- _EXERCISE GOAL_:
Each line of the data below from the one holding "From mathcomp Require" to the one holding "forall J, is_ideal", inclusive, is to be reproduced exactly; no other line belongs in the answer.

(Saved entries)
::::::::::
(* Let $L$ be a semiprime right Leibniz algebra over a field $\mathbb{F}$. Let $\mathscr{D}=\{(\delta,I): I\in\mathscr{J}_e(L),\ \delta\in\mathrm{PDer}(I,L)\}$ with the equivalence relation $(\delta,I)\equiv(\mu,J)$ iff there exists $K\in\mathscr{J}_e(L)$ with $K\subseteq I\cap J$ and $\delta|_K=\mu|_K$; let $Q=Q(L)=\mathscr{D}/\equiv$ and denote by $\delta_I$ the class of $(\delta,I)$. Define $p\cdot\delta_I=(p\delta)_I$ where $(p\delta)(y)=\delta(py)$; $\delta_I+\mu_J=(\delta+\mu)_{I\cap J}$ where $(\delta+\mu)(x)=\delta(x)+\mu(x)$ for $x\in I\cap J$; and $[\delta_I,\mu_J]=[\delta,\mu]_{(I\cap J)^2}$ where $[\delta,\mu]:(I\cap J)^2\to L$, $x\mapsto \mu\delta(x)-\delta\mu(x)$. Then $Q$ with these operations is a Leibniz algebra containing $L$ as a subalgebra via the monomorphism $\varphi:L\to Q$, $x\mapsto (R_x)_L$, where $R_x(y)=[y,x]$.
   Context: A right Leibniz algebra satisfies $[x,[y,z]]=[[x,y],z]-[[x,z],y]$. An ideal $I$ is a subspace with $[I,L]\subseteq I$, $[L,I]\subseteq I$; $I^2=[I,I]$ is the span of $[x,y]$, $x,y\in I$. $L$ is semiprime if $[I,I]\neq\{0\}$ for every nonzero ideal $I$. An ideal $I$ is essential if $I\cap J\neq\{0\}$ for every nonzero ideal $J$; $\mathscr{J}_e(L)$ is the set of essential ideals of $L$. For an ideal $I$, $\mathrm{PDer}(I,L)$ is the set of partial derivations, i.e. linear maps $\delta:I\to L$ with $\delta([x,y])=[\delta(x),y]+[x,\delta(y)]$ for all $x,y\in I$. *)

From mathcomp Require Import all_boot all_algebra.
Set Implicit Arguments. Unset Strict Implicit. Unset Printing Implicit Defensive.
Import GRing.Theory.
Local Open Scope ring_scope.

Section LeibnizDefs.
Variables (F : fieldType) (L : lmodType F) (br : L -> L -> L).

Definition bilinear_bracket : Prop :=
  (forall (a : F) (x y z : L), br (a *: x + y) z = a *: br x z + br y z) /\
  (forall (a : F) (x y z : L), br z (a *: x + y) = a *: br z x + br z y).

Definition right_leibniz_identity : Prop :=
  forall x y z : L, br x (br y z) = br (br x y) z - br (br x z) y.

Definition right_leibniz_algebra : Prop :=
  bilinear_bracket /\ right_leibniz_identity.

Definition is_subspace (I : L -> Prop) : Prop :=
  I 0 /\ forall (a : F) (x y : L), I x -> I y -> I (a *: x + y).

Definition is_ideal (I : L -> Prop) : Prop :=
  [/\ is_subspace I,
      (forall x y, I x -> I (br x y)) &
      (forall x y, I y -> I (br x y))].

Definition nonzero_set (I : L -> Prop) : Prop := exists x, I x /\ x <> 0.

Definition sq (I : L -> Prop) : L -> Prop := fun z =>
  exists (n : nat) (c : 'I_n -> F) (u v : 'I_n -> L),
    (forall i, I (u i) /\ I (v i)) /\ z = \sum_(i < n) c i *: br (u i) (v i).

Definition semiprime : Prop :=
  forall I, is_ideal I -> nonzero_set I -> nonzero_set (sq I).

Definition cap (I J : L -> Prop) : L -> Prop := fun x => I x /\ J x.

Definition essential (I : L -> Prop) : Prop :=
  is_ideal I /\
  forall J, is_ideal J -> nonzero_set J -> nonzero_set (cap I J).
::::::::::
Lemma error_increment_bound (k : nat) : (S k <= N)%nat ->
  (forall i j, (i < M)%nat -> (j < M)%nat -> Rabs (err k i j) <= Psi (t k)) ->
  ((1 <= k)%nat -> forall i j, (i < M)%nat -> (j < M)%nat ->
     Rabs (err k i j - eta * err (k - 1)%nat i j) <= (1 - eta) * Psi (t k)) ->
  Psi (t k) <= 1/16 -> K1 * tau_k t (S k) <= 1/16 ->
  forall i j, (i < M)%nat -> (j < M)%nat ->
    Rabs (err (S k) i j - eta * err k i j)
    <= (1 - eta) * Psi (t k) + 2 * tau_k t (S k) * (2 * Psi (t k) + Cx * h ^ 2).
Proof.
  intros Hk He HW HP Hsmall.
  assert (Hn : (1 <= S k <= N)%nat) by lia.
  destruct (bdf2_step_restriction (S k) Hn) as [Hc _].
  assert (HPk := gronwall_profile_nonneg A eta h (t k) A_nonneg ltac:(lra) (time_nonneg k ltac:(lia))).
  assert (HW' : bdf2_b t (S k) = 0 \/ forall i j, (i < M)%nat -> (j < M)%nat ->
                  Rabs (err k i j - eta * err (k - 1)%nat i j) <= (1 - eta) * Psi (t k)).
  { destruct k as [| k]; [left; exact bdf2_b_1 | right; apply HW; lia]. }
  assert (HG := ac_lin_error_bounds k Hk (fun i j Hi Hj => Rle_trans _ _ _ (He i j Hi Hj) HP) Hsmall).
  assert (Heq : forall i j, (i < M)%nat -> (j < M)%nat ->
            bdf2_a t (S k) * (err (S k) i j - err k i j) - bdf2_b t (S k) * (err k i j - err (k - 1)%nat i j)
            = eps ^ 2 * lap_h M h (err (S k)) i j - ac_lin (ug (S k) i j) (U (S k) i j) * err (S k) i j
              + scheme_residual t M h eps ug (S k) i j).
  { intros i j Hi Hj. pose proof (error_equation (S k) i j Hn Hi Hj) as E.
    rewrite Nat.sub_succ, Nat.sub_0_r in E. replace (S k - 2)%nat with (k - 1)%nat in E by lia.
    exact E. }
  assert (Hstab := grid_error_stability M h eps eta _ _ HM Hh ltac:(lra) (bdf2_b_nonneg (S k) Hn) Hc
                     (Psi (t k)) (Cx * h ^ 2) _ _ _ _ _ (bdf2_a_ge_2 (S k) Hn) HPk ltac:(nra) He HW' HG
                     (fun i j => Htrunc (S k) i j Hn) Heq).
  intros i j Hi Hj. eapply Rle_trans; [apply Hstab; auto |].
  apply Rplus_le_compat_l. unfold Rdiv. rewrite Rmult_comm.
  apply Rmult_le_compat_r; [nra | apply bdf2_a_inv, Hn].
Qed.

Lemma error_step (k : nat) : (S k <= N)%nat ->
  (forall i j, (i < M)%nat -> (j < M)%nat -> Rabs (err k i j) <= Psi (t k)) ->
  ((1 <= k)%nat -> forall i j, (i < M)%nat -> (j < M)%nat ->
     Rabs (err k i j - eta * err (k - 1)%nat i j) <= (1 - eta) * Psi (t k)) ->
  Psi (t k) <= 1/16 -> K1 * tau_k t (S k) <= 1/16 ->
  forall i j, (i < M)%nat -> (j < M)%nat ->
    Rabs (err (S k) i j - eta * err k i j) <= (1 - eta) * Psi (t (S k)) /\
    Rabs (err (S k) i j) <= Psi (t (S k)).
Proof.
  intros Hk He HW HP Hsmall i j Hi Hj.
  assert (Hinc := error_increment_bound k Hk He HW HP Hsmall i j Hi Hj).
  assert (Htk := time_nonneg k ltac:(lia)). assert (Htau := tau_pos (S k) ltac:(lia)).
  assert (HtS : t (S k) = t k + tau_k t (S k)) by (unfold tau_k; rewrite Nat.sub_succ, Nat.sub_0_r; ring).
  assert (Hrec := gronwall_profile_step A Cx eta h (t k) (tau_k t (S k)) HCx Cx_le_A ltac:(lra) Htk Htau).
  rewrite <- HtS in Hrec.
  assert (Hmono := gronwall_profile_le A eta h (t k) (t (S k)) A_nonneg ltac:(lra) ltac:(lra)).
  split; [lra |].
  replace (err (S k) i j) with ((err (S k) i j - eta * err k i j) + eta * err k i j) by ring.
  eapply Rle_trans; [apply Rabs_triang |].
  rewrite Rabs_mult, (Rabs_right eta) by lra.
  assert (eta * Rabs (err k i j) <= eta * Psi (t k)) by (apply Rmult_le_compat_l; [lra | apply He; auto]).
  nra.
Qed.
::::::::::
- _TASK SOLUTION_:
From mathcomp Require Import all_boot all_algebra.
Set Implicit Arguments. Unset Strict Implicit. Unset Printing Implicit Defensive.
Import GRing.Theory.
Local Open Scope ring_scope.

Section LeibnizDefs.
Variables (F : fieldType) (L : lmodType F) (br : L -> L -> L).

Definition bilinear_bracket : Prop :=
  (forall (a : F) (x y z : L), br (a *: x + y) z = a *: br x z + br y z) /\
  (forall (a : F) (x y z : L), br z (a *: x + y) = a *: br z x + br z y).

Definition right_leibniz_identity : Prop :=
  forall x y z : L, br x (br y z) = br (br x y) z - br (br x z) y.

Definition right_leibniz_algebra : Prop :=
  bilinear_bracket /\ right_leibniz_identity.

Definition is_subspace (I : L -> Prop) : Prop :=
  I 0 /\ forall (a : F) (x y : L), I x -> I y -> I (a *: x + y).

Definition is_ideal (I : L -> Prop) : Prop :=
  [/\ is_subspace I,
      (forall x y, I x -> I (br x y)) &
      (forall x y, I y -> I (br x y))].

Definition nonzero_set (I : L -> Prop) : Prop := exists x, I x /\ x <> 0.

Definition sq (I : L -> Prop) : L -> Prop := fun z =>
  exists (n : nat) (c : 'I_n -> F) (u v : 'I_n -> L),
    (forall i, I (u i) /\ I (v i)) /\ z = \sum_(i < n) c i *: br (u i) (v i).

Definition semiprime : Prop :=
  forall I, is_ideal I -> nonzero_set I -> nonzero_set (sq I).

Definition cap (I J : L -> Prop) : L -> Prop := fun x => I x /\ J x.

Definition essential (I : L -> Prop) : Prop :=
  is_ideal I /\
  forall J, is_ideal J -> nonzero_set J -> nonzero_set (cap I J).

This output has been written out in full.